Not only did the Bergeron line absolutely dominate the Isles, but so did most of the Bruins. Boston had three lines play to an expected goal rate of 86% or better. The Islanders had no player post an expected goal rate better than 50%. In fact, the team managed to generate just 0.79 expected goals at even strength.
However, despite the utter domination, New York was never out of this game. They scored first, they were tied entering the third period, they had a powerplay with a chance to take the lead mid-way through the third period, and they were only one shot away from tying the game until the final minutes.
Therein lies the beauty of the New York Islanders.
They are willing to play ugly hockey. They’re willing to defend, chip the puck out, and survive another shift. They receive good goaltending and they’re usually good at generating high danger chances off the counter-attack. No matter how poorly they play, it’s very rare the Isles are completely out of a game.
Sure, New York has some issues and problems they need to solve. Playing to a 20% expected goal rate is no recipe for success. There are two main questions for the Isles entering game two.
Ilya Sorokin got the start for New York after he won all four games for the Isles in round one. The rookie netminder kept the Isles within striking distance for most of the night, stopping 35 shots. None of the blame should go to Sorokin as he was the main reason the score was respectable for most of the night.
However, he was beaten four times, struggled with rebound control at times, and the Isles have a veteran potential Vezina nominee on the bench. Semyon Varlamov was the Isles’ number one goaltender throughout the season, but a combination of injury and shaky play let Sorokin take the reins this postseason.
Barry Trotz did not close the door on making a goaltender change for game two, which is something to watch. There’s no real difference between the two netminders as Varlamov posted a +2.7 goals saved above expectation during the season while Sorokin posted a +2.5 mark. Varlamov won five of six starts against Boston during the season, for whatever that’s worth.
Additionally, the Isles won’t be in this series long if the Pastrnak line shuts down the Nelson line and the Isles get no production from Mathew Barzal. Barzal is the Isles’ most talented forward, but he has just one even strength point in these playoffs. Trotz hinted at possible changes amongst his forward lines, so it’ll be interesting to see if offensively challenged pest Leo Komarov is demoted and Barzal is given a more offensive minded winger to play with.

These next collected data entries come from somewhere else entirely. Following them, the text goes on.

Let s00h_Sig00h nu : Sig00h F (s00h nu).
Proof. exact: mixed_Sig00h (s00h_Sig0h nu) (s00h_mixed nu). Qed.

Let sigma_orth tau : Sig00h F tau -> bform S mu (sigma - sfg mu - s00h mu) tau = 0.
Proof.
move=> htau; apply: bform_galerkin_orth; first exact: sigma_weak htau.2.
exact: mixed_galerkin (s00h_mixed mu) _ htau.
Qed.

Let sigma_rb_orth i : bform S mu (sigma - sfg mu - s00rb) (s00h (mus i)) = 0.
Proof.
apply: bform_galerkin_orth; first exact: sigma_weak (s00h_Sig00h (mus i)).2.
exact: s00rb_galerkin (fspan_gen _ i).
Qed.

Lemma dual_fe_le_rb :
  bform S mu (sigma - sfg mu - s00h mu) (sigma - sfg mu - s00h mu)
    <= bform S mu (sigma - sfg mu - s00rb) (sigma - sfg mu - s00rb).
Proof.
exact: (galerkin_le (bform_sip S mu) (g := fun i => s00h (mus i))
  (fun i => s00h_Sig00h (mus i)) (s00h_Sig00h mu) sigma_orth s00rb_span).
Qed.

Lemma dual_fe_eq_rb : (exists i, mu = mus i) ->
  bform S mu (sigma - sfg mu - s00h mu) (sigma - sfg mu - s00h mu)
    = bform S mu (sigma - sfg mu - s00rb) (sigma - sfg mu - s00rb).
Proof.
move=> [i mu_i]; apply: (galerkin_eq (bform_sip S mu) (g := fun i => s00h (mus i))
  (fun i => s00h_Sig00h (mus i)) (s00h_Sig00h mu) sigma_orth s00rb_span sigma_rb_orth).
by rewrite mu_i; exact: fspan_gen.
Qed.

End Dual.
End ReducedBasis.

Unset Implicit Arguments.
Theorem theorem5p7 (R : realType) (P : Type) (HV HS HB : lmodType R)
  (S : @setting R P HV HS HB) (F : fe_spaces S)
  (* lifts and data compatibility *)
  (ug : P -> HV) (sfg : P -> HS)
  (hug : forall mu, Vh F (ug mu) /\ Vg S mu (ug mu))
  (hsfg : forall mu, Sh F (sfg mu) /\ Sigfg S mu (sfg mu))
  (hf : forall mu, Dh F (fdat S mu))
  (* FE primal solutions u_h = u0h + ug *)
  (u0h : P -> HV)
  (hu0h : forall mu, V0h F (u0h mu) /\
     forall v, V0h F v -> aform S mu (u0h mu) v = phi S ug mu v)
  (* FE dual solutions sigma_h = s00h + sfg *)
  (s00h : P -> HS) (wh : P -> HV)
  (hs00h : forall mu, Sig0h F (s00h mu) /\ Dh F (wh mu) /\
     forall tau v, Sig0h F tau -> Dh F v ->
       cform S mu (s00h mu, wh mu) (tau, v) = psi S sfg mu tau)
  (* reduced basis snapshots S_N *)
  (N : nat) (mus : 'I_N -> P)
  (mu : P)
  (* exact solutions *)
  (u : HV)
  (hu : Vg S mu u /\ forall v, V0 S v -> aform S mu u v = primal_rhs S mu v)
  (sigma : HS)
  (hsigma : Sigfg S mu sigma /\
     forall tau, Sig00 S tau -> bform S mu sigma tau = dual_rhs S mu tau)
  (* RB solutions *)
  (u0rb : HV)
  (hu0rb : fspan (fun i => u0h (mus i)) u0rb /\
     forall v, fspan (fun i => u0h (mus i)) v ->
       aform S mu u0rb v = phi S ug mu v)
  (s00rb : HS)
  (hs00rb : fspan (fun i => s00h (mus i)) s00rb /\
     forall tau, fspan (fun i => s00h (mus i)) tau ->
       bform S mu s00rb tau = psi S sfg mu tau) :
  enorm S mu (u - (u0h mu + ug mu)) <= enorm S mu (u - (u0rb + ug mu)) /\
  rnorm S mu (sigma - (s00h mu + sfg mu)) <= rnorm S mu (sigma - (s00rb + sfg mu)) /\
  pnorm S mu (u - (u0h mu + ug mu)) (sigma - (s00h mu + sfg mu))
    <= pnorm S mu (u - (u0rb + ug mu)) (sigma - (s00rb + sfg mu)) /\
  ((exists i, mu = mus i) ->
    enorm S mu (u - (u0h mu + ug mu)) = enorm S mu (u - (u0rb + ug mu)) /\
    rnorm S mu (sigma - (s00h mu + sfg mu)) = rnorm S mu (sigma - (s00rb + sfg mu)) /\
    pnorm S mu (u - (u0h mu + ug mu)) (sigma - (s00h mu + sfg mu))
      = pnorm S mu (u - (u0rb + ug mu)) (sigma - (s00rb + sfg mu))).
Proof.
have a_ge0 := sip_ge0 (aform_sip S mu); have b_ge0 := sip_ge0 (bform_sip S mu).
have u_le := primal_fe_le_rb (fun nu => (hu0h nu).1) (hu0h mu).2 hu.2 hu0rb.1.
have u_eq := primal_fe_eq_rb (fun nu => (hu0h nu).1) (hu0h mu).2 hu.2 hu0rb.1 hu0rb.2.
have sigma_le := dual_fe_le_rb (fun nu => (hs00h nu).1) (fun nu => (hs00h nu).2.2)
  hsigma.2 hs00rb.1.
have sigma_eq := dual_fe_eq_rb (fun nu => (hs00h nu).1) (fun nu => (hs00h nu).2.2)
  hsigma.2 hs00rb.1 hs00rb.2.
have err (T : lmodType R) (x y z : T) : x - (y + z) = x - z - y.
  by rewrite opprD addrA addrAC.
rewrite /pnorm /enorm /rnorm !err !sqr_sqrtr //.
split; [exact: ler_wsqrtr | split; [exact: ler_wsqrtr | split]].
  by apply: ler_wsqrtr; apply: lerD.
by move=> mu_S; rewrite u_eq ?sigma_eq.
Qed.
Definition in_lattice (R : realType) (s : nat) (L : 'M[R]_s) (x : 'cV[R]_s) : Prop :=
  exists r : 'cV[int]_s, x = L *m intmx R r.

Definition is_lattice_matrix (R : realType) (s : nat) (L : 'M[R]_s) : Prop :=
  L \in unitmx.

Definition generic_cps (R : realType) (n m : nat) (L : 'M[R]_(n + m)) : Prop :=
  [/\ ((1 <= n)%N /\ (1 <= m)%N), is_lattice_matrix L,
   (forall x y, in_lattice L x -> in_lattice L y -> (usubmx x : 'cV[R]_n) = usubmx y -> x = y),
   (forall x y, in_lattice L x -> in_lattice L y -> (dsubmx x : 'cV[R]_m) = dsubmx y -> x = y) &
   (forall (y : 'cV[R]_m) (eps : R), 0 < eps ->
      exists x, in_lattice L x /\ forall i, `|(dsubmx x : 'cV[R]_m) i 0 - y i 0| < eps)].

Definition self_similarity (R : realType) (n m : nat) (L : 'M[R]_(n + m)) (A : 'M[R]_n) : Prop :=
  (forall x, in_lattice L x -> exists y, in_lattice L y /\
       A *m (usubmx x : 'cV[R]_n) = usubmx y) /\
  exists (C : 'M[int]_(n + m)) (B : 'M[R]_m),
    block_mx A 0 0 B *m L = L *m intmx R C.

Definition mx_evalQ (R : realType) (k : nat) (T : 'M[R]_k) (p : {poly rat}) : 'M[R]_k :=
  \sum_(i < size p) (ratr p`_i : R) *: (T ^+ i).

Definition minpoly_Q (R : realType) (k : nat) (T : 'M[R]_k) (p : {poly rat}) : Prop :=
  [/\ p \is monic, mx_evalQ T p = 0 &
      forall q : {poly rat}, q \is monic -> mx_evalQ T q = 0 -> (size p <= size q)%N].

Definition cmx (R : realType) (k : nat) (M : 'M[R]_k) : 'M[complex R]_k :=
  map_mx (fun x : R => (x%:C)%C) M.
Lemma cover_family_bigcup Z (Zs : nat -> set X) N delta
    (Cs : nat -> set (X * nat)) :
  Z `<=` \bigcup_k Zs k -> (forall k, cover_family f Z N delta (Cs k)) ->
  cover_family f Z N delta (\bigcup_k [set p | Cs k p /\
     exists2 y, Zs k y & bowen_ball f p.1 p.2 delta y]).
Proof.
move=> ZZs Cs_cover; split.
- apply: bigcup_countable => // k _; have [cC _ _] := Cs_cover k.
  by apply: sub_countable cC; apply: subset_card_le => p [].
- by move=> p [k _ [Ckp _]]; have [_ /(_ _ Ckp)] := Cs_cover k.
- move=> x Zx; have [k _ Zsx] := ZZs x Zx; have [_ _ /(_ x Zx)] := Cs_cover k.
  by case=> p Cp px; exists p => //; exists k => //; split => //; exists x.
Qed.

Definition weight (g : X -> R) (s : R) (p : X * nat) : \bar R :=
  (expR (- (p.2%:R * s) + Sn f g p.2 p.1))%:E.

Definition cover_inf Z s g delta (N : nat) : \bar R :=
  ereal_inf [set \esum_(p in C) weight g s p
               | C in [set C | cover_family f Z N delta C]].

Lemma weight_ge0 g s p : (0 <= weight g s p)%E.
Proof. by rewrite lee_fin expR_ge0. Qed.

Lemma cover_inf_ge0 Z s g delta N : (0 <= cover_inf Z s g delta N)%E.
Proof.
by apply: le_ereal_inf_tmp => _ [C _ <-]; apply: esum_ge0 => p _; exact: weight_ge0.
Qed.

Lemma cover_inf_nondecreasing Z s g delta :
  nondecreasing_seq (cover_inf Z s g delta).
Proof.
move=> N N' NN'; apply: ereal_inf_le_tmp => _ [C CN' <-].
by exists C => //; exact: cover_family_le CN'.
Qed.

Lemma mP_eq0P Z s g delta : mP f Z s g delta = 0%E <->
  (forall N (e : R), 0 < e -> exists2 C, cover_family f Z N delta C &
     (\esum_(p in C) weight g s p <= e%:E)%E).
Proof.
have -> : mP f Z s g delta = ereal_sup (range (cover_inf Z s g delta)).
  by apply: cvg_lim => //; exact/ereal_nondecreasing_cvgn/cover_inf_nondecreasing.
split => [m0 N e e0|small].
  have : (cover_inf Z s g delta N < e%:E)%E.
    by rewrite (le_lt_trans _ (_ : 0 < e%:E)%E) ?lte_fin // -m0 ereal_sup_ubound.
  by move=> /ereal_inf_lt [_ [C CN <-] /ltW]; exists C.
apply/eqP; rewrite eq_le; apply/andP; split; last first.
  by apply: le_ereal_sup_tmp; exists (cover_inf Z s g delta 0);
    [exists 0%N | exact: cover_inf_ge0].
apply: ge_ereal_sup => _ [N _ <-]; apply/lee_addgt0Pr => e e0; rewrite add0e.
have [C CN le] := small N e e0.
by apply: ge_ereal_inf; exists (\esum_(p in C) weight g s p) => //; exists C.
Qed.
(* Read p, q (resp. x, y) as the lengths of the components of bt (resp. b) in U
   and in its orthogonal complement, and s, e as the inner products of matching
   components: the conclusion is |Q| sin theta(Q, Y) <= |bt| sin theta(bt, b).
   After clearing denominators the defect is the square (p y^2 - x e)^2. *)
Lemma perp_sine_sq_le p q x y B N s e :
  0 <= p -> 0 < q -> 0 <= x -> 0 < y -> 0 < B -> 0 < N ->
  B * B = p * p + q * q -> N * N = x * x + y * y -> s <= p * x -> p * N < s + e ->
  0 <= e /\
  q * q * (1 - e / (q * y) * (e / (q * y))) <=
    B * B * (1 - (s + e) / (B * N) * ((s + e) / (B * N))).
Proof.
  intros Hp Hq Hx Hy HB HN EB EN Hs He.
  assert (x <= N) by nra.
  assert (He0 : 0 <= e) by nra. split; auto.
  replace (q * q * (1 - e / (q * y) * (e / (q * y))))
    with ((q * q * y * y - e * e) / (y * y)) by (field; lra).
  replace (B * B * (1 - (s + e) / (B * N) * ((s + e) / (B * N))))
    with ((B * B * N * N - (s + e) * (s + e)) / (N * N)) by (field; lra).
  assert (0 <= s + e) by nra.
  assert ((s + e) * (s + e) <= (p * x + e) * (p * x + e)) by nra.
  assert (Id : (B * B * N * N - (p * x + e) * (p * x + e)) * (y * y)
               - (q * q * y * y - e * e) * (N * N) = (p * y * y - x * e) ^ 2).
  { replace (B * B * N * N) with ((B * B) * (N * N)) by ring. rewrite EB, EN. ring. }
  apply Rmult_le_reg_r with (y * y * (N * N)); [apply Rmult_lt_0_compat; nra|].
  replace ((q * q * y * y - e * e) / (y * y) * (y * y * (N * N)))
    with ((q * q * y * y - e * e) * (N * N)) by (field; lra).
  replace ((B * B * N * N - (s + e) * (s + e)) / (N * N) * (y * y * (N * N)))
    with ((B * B * N * N - (s + e) * (s + e)) * (y * y)) by (field; lra).
  pose proof (pow2_ge_0 (p * y * y - x * e)).
  nra.
Qed.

With the Bruins as -200 favorites, it’s simply not a line I’d be willing to bet in an NHL playoff game. I’d understand staying away as the Isles looked completely overmatched in the series opener. However, I’m personally going to throw a few shekels on the Isles at +170. I think there’s value there on a team that knows how to defend and win close games. They can’t possibly be worse in game two than they were in game one.